> _Exercise instructions_:
Print the data below exactly, but only the lines from the one containing "Lemma cmmap_cmseq (f" down to the one containing "End CmonomMap.", inclusive.

(Saved data entries)
::::
Lemma cmseq_surj m : exists s, m = cmseq s.
Proof.
exists (flatten [seq nseq (m b) b | b <- finsupp m]).
apply/eqP/cmP => a; rewrite cmseqE count_flatten sumnE !big_map.
under eq_bigr => b _ do rewrite count_nseq /=.
have [a_supp|a_nsupp] := boolP (a \in finsupp m).
  rewrite (bigD1_seq a) //= ?fset_uniq // eqxx mul1n big1 ?addn0 //.
  by move=> b /negbTE; rewrite eq_sym => ->.
rewrite big1_seq; first by move: a_nsupp; rewrite -cmE_neq0 negbK => /eqP.
by move=> b /andP[_ b_supp]; case: eqP => // ab; move: a_nsupp; rewrite -ab b_supp.
Qed.

Lemma divcm_mulcmU x m : divcm (mulcm (ucm x) m) (ucm x) = m.
Proof. by apply/eqP/cmP => a; rewrite divcmE mulcmE addKn. Qed.

Lemma cmseq_rem x s : x \in s -> cmseq s = mulcm (ucm x) (cmseq (rem x s)).
Proof. by move=> xs; rewrite (perm_cmseq (perm_to_rem xs)) cmseq_cons. Qed.

Lemma divcm_cmseq x s : x \in s -> divcm (cmseq s) (ucm x) = cmseq (rem x s).
Proof. by move=> xs; rewrite (cmseq_rem xs) divcm_mulcmU. Qed.

Lemma cmseq_rem_map (J : choiceType) (f : J -> I) x (r : seq J) : x \in r ->
  cmseq (rem (f x) (map f r)) = cmseq (map f (rem x r)).
Proof.
move=> xr; rewrite -(divcm_cmseq (map_f f xr)).
by rewrite (perm_cmseq (perm_map f (perm_to_rem xr))) /= cmseq_cons divcm_mulcmU.
Qed.

Lemma perm_finsupp_cmseq s : perm_eq (finsupp (cmseq s)) (undup s).
Proof.
apply: uniq_perm; rewrite ?fset_uniq ?undup_uniq // => a.
by rewrite mem_undup -cmE_neq0 cmseqE -lt0n -has_count has_pred1.
Qed.

Lemma big_cmseq (R : Type) (idx : R) (op : Monoid.com_law idx) (F : I -> R) s :
  \big[op/idx]_(a <- finsupp (cmseq s)) iterop (cmseq s a) op (F a) idx
  = \big[op/idx]_(x <- s) F x.
Proof.
rewrite -[RHS]big_undup_iterop_count (perm_big _ (perm_finsupp_cmseq s)).
by apply: eq_bigr => a _; rewrite cmseqE.
Qed.

(* The common shape of [dmon], [dS] and [graft_tA]: a monomial differentiated
   one letter at a time. *)
Lemma sum_divcm_cmseq (V : zmodType) (F : {cmonom I} -> I -> V) s :
  \sum_(a <- finsupp (cmseq s)) F (divcm (cmseq s) (ucm a)) a *+ cmseq s a
  = \sum_(x <- s) F (cmseq (rem x s)) x.
Proof.
have := @big_cmseq V 0 +%R (fun a => F (divcm (cmseq s) (ucm a)) a) s.
under eq_bigr do rewrite Monoid.iteropE iter_addr_0.
move=> ->; rewrite big_seq [RHS]big_seq.
by apply: eq_bigr => x xs; rewrite divcm_cmseq.
Qed.
End CmonomOfSeq.

Section CmonomMap.
Variables I J : choiceType.

Definition cmmap (f : I -> J) (m : {cmonom I}) : {cmonom J} :=
  \big[@mulcm J/@onecm J]_(a <- finsupp m) iterop (m a) (@mulcm J) (ucm (f a)) (@onecm J).

Lemma cmmap_cmseq (f : I -> J) (s : seq I) : cmmap f (cmseq s) = cmseq (map f s).
Proof. by rewrite /cmmap big_cmseq /cmseq big_map. Qed.

Lemma cmmap_onecm (f : I -> J) : cmmap f (@onecm I) = @onecm J.
Proof. by rewrite -(cmseq_nil I) cmmap_cmseq cmseq_nil. Qed.

Lemma cmmap_mulcm (f : I -> J) (m1 m2 : {cmonom I}) :
  cmmap f (mulcm m1 m2) = mulcm (cmmap f m1) (cmmap f m2).
Proof.
have [s1 ->] := cmseq_surj m1; have [s2 ->] := cmseq_surj m2.
by rewrite -cmseq_cat !cmmap_cmseq map_cat cmseq_cat.
Qed.

Lemma cmmap_ucm (f : I -> J) (a : I) : cmmap f (ucm a) = ucm (f a).
Proof. by rewrite -cmseq1 cmmap_cmseq cmseq1. Qed.

End CmonomMap.

Lemma homo_connect (T T' : finType) (e : rel T) (e' : rel T') (h : T -> T') :
  {homo h : x y / e x y >-> e' x y} -> {homo h : x y / connect e x y >-> connect e' x y}.
Proof.
move=> eh x y /connectP[p e_p ->]; elim: p x e_p => [|z p IHp] x /=.
  by move=> _; apply: connect0.
by case/andP=> exz /IHp; apply: connect_trans (connect1 (eh _ _ exz)).
Qed.

Lemma eq_Some (T : eqType) (a b : T) : (Some a == Some b) = (a == b).
Proof. by []. Qed.

Lemma card_ord_split n m (P : pred 'I_(n + m)) :
  #|[pred k | P k]| = (#|[pred i | P (lshift m i)]| + #|[pred j | P (rshift n j)]|)%N.
Proof. by rewrite -!sum1_card big_split_ord. Qed.

Section Grafting.
Variable C : finType.
Implicit Types (g t x : dgraph C).

Definition nroots g := #|[pred u | gsucc g u == None]|.

Lemma gadj_sym g : symmetric (@gadj _ g).
Proof. by move=> a b; rewrite /gadj orbC. Qed.

Variables (t x : dgraph C) (v : 'I_(tag x)).
Local Notation G := (graft_at t v).
Local Notation n := (tag t).
Local Notation m := (tag x).

Lemma gsucc_graftl (i : 'I_n) : gsucc G (lshift m i) =
  Some (if gsucc t i is Some j then lshift m j else rshift n v).
Proof. by rewrite /gsucc /= ffunE (unsplitK (inl i)). Qed.

Lemma gsucc_graftr (j : 'I_m) : gsucc G (rshift n j) = omap (@rshift n m) (gsucc x j).
Proof. by rewrite /gsucc /= ffunE (unsplitK (inr j)). Qed.

Lemma gdeco_graftl (i : 'I_n) : gdeco G (lshift m i) = gdeco t i.
Proof. by rewrite /gdeco /= ffunE (unsplitK (inl i)). Qed.

Lemma gdeco_graftr (j : 'I_m) : gdeco G (rshift n j) = gdeco x j.
Proof. by rewrite /gdeco /= ffunE (unsplitK (inr j)). Qed.

Lemma fert_graftl (i : 'I_n) : fert G (lshift m i) = fert t i.
Proof.
rewrite /fert card_ord_split.
have -> : #|[pred j | gsucc G (rshift n j) == Some (lshift m i)]| = 0%N.
  apply: eq_card0 => j; rewrite !inE gsucc_graftr.
  by case: (gsucc x j) => //= a; rewrite eq_Some eq_rlshift.
rewrite addn0; apply: eq_card => u; rewrite !inE gsucc_graftl.
by case: (gsucc t u) => [a|] /=; rewrite eq_Some ?eq_lshift ?eq_rlshift.
Qed.

Lemma fert_graftr (j : 'I_m) : fert G (rshift n j) = ((v == j) * nroots t + fert x j)%N.
Proof.
rewrite /fert card_ord_split /nroots; congr (_ + _)%N.
  have [<-|ne] := eqVneq v j; rewrite ?mul1n ?mul0n.
    apply: eq_card => u; rewrite !inE gsucc_graftl.
    by case: (gsucc t u) => [a|] /=; rewrite eq_Some ?eq_lrshift ?eqxx.
  apply: eq_card0 => u; rewrite !inE gsucc_graftl.
  by case: (gsucc t u) => [a|] /=; rewrite eq_Some ?eq_lrshift // eq_rshift (negbTE ne).
apply: eq_card => u; rewrite !inE gsucc_graftr.
by case: (gsucc x u) => [a|] //=; rewrite !eq_Some eq_rshift.
Qed.

Lemma nroots_graft : nroots G = nroots x.
Proof.
rewrite /nroots card_ord_split.
have -> : #|[pred i | gsucc G (lshift m i) == None]| = 0%N.
  by apply: eq_card0 => i; rewrite !inE gsucc_graftl.
by rewrite add0n; apply: eq_card => j; rewrite !inE gsucc_graftr; case: (gsucc x j).
Qed.

Lemma gconnected_graft : nroots t = 1%N -> gconnected t -> gconnected x -> gconnected G.
Proof.
move=> root_t /forallP con_t /forallP con_x.
have [r] : exists r, gsucc t r == None.
  by apply/card_gt0P; rewrite -/(nroots t) root_t.
move=> /eqP r_root.
have to_v k : connect (@gadj _ G) k (rshift n v).
  case: (split_ordP k) => [i|j] ->.
    have adjl a b : @gadj _ t a b -> @gadj _ G (lshift m a) (lshift m b).
      by rewrite /gadj !gsucc_graftl => /orP[] /eqP ->; rewrite eqxx ?orbT.
    apply: connect_trans (homo_connect adjl (forallP (con_t i) r)) (connect1 _).
    by rewrite /gadj gsucc_graftl r_root eqxx.
  have adjr a b : @gadj _ x a b -> @gadj _ G (rshift n a) (rshift n b).
    by rewrite /gadj !gsucc_graftr => /orP[] /eqP ->; rewrite eqxx ?orbT.
  exact: homo_connect adjr _ _ (forallP (con_x j) v).
apply/forallP => a; apply/forallP => b; apply: connect_trans (to_v a) _.
by rewrite (sym_connect_sym (@gadj_sym G)) to_v.
Qed.

End Grafting.

Section GraftingClasses.
Variable C : finType.
Implicit Types (g t x : dgraph C).

Lemma nroots_tree g : istree g -> nroots g = 1%N.
Proof. by case/andP => /eqP. Qed.

Lemma istree_graft t x (v : 'I_(tag x)) : istree t -> istree x -> istree (graft_at t v).
Proof.
case/andP => /eqP root_t con_t /andP[/eqP root_x con_x]; apply/andP; split.
  by move: (nroots_graft t v); rewrite /nroots root_x => ->.
exact: gconnected_graft.
Qed.

Lemma isaroma_graft t x (v : 'I_(tag x)) : istree t -> isaroma x -> isaroma (graft_at t v).
Proof.
case/andP => /eqP root_t con_t /and3P[x_gt0 /forallP succ_x con_x]; apply/and3P; split.
- by rewrite /= (leq_trans x_gt0) // leq_addl.
- apply/forallP => k; case: (split_ordP k) => [i|j] ->; first by rewrite gsucc_graftl.
  by rewrite gsucc_graftr; move: (succ_x j); case: (gsucc x j).
- exact: gconnected_graft.
Qed.

End GraftingClasses.

Lemma card_bij (T T' : finType) (f : T -> T') (P : pred T') : bijective f ->
  #|[pred u | P u]| = #|[pred u | P (f u)]|.
Proof. by move=> f_bij; rewrite -!sum1_card (reindex f) //; apply: onW_bij. Qed.

Section Isomorphism.
Variable C : finType.
Implicit Types (g h : dgraph C).

Section Invariance.
Variables (g h : dgraph C) (f : 'I_(tag g) -> 'I_(tag h)).
Hypotheses (f_bij : bijective f)
  (f_succ : forall i, gsucc h (f i) = omap f (gsucc g i))
  (f_deco : forall i, gdeco h (f i) = gdeco g i).

Let f_inj : injective f := bij_inj f_bij.

Lemma omap_eq_Some (o : option 'I_(tag g)) i : (omap f o == Some (f i)) = (o == Some i).
Proof. by case: o => [j|] //=; rewrite !eq_Some (inj_eq f_inj). Qed.

Lemma fert_iso i : fert h (f i) = fert g i.
Proof.
rewrite /fert (card_bij _ f_bij); apply: eq_card => u.
by rewrite !inE f_succ omap_eq_Some.
Qed.

Lemma fmon_iso : fmon h = fmon g.
Proof.
rewrite /fmon (reindex f) /=; last exact: onW_bij.
by apply: eq_bigr => i _; rewrite f_deco fert_iso.
Qed.

Lemma nroots_iso : nroots h = nroots g.
Proof.
rewrite /nroots (card_bij _ f_bij); apply: eq_card => u.
by rewrite !inE f_succ; case: (gsucc g u).
Qed.

Lemma gconnected_iso : gconnected g -> gconnected h.
Proof.
have [f' fK f'K] := f_bij.
have adj_f a b : gadj a b -> @gadj _ h (f a) (f b).
  by rewrite /gadj !f_succ !omap_eq_Some.
move=> /forallP con_g; apply/forallP => a; apply/forallP => b.
rewrite -(f'K a) -(f'K b); exact: homo_connect adj_f _ _ (forallP (con_g _) _).
Qed.

Lemma isaroma_iso : isaroma g -> isaroma h.
Proof.
have [f' fK f'K] := f_bij.
case/and3P => g_gt0 /forallP succ_g con_g; apply/and3P; split.
- exact: leq_ltn_trans (leq0n _) (ltn_ord (f (Ordinal g_gt0))).
- apply/forallP => a; rewrite -(f'K a) f_succ.
  by move: (succ_g (f' a)); case: (gsucc g (f' a)).
- exact: gconnected_iso.
Qed.

Lemma istree_iso : istree g -> istree h.
Proof.
case/andP => root_g con_g; apply/andP; split; last exact: gconnected_iso.
by rewrite -/(nroots h) nroots_iso.
Qed.

End Invariance.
::::
> _Solved exercise_:
Lemma cmmap_cmseq (f : I -> J) (s : seq I) : cmmap f (cmseq s) = cmseq (map f s).
Proof. by rewrite /cmmap big_cmseq /cmseq big_map. Qed.

Lemma cmmap_onecm (f : I -> J) : cmmap f (@onecm I) = @onecm J.
Proof. by rewrite -(cmseq_nil I) cmmap_cmseq cmseq_nil. Qed.

Lemma cmmap_mulcm (f : I -> J) (m1 m2 : {cmonom I}) :
  cmmap f (mulcm m1 m2) = mulcm (cmmap f m1) (cmmap f m2).
Proof.
have [s1 ->] := cmseq_surj m1; have [s2 ->] := cmseq_surj m2.
by rewrite -cmseq_cat !cmmap_cmseq map_cat cmseq_cat.
Qed.

Lemma cmmap_ucm (f : I -> J) (a : I) : cmmap f (ucm a) = ucm (f a).
Proof. by rewrite -cmseq1 cmmap_cmseq cmseq1. Qed.

End CmonomMap.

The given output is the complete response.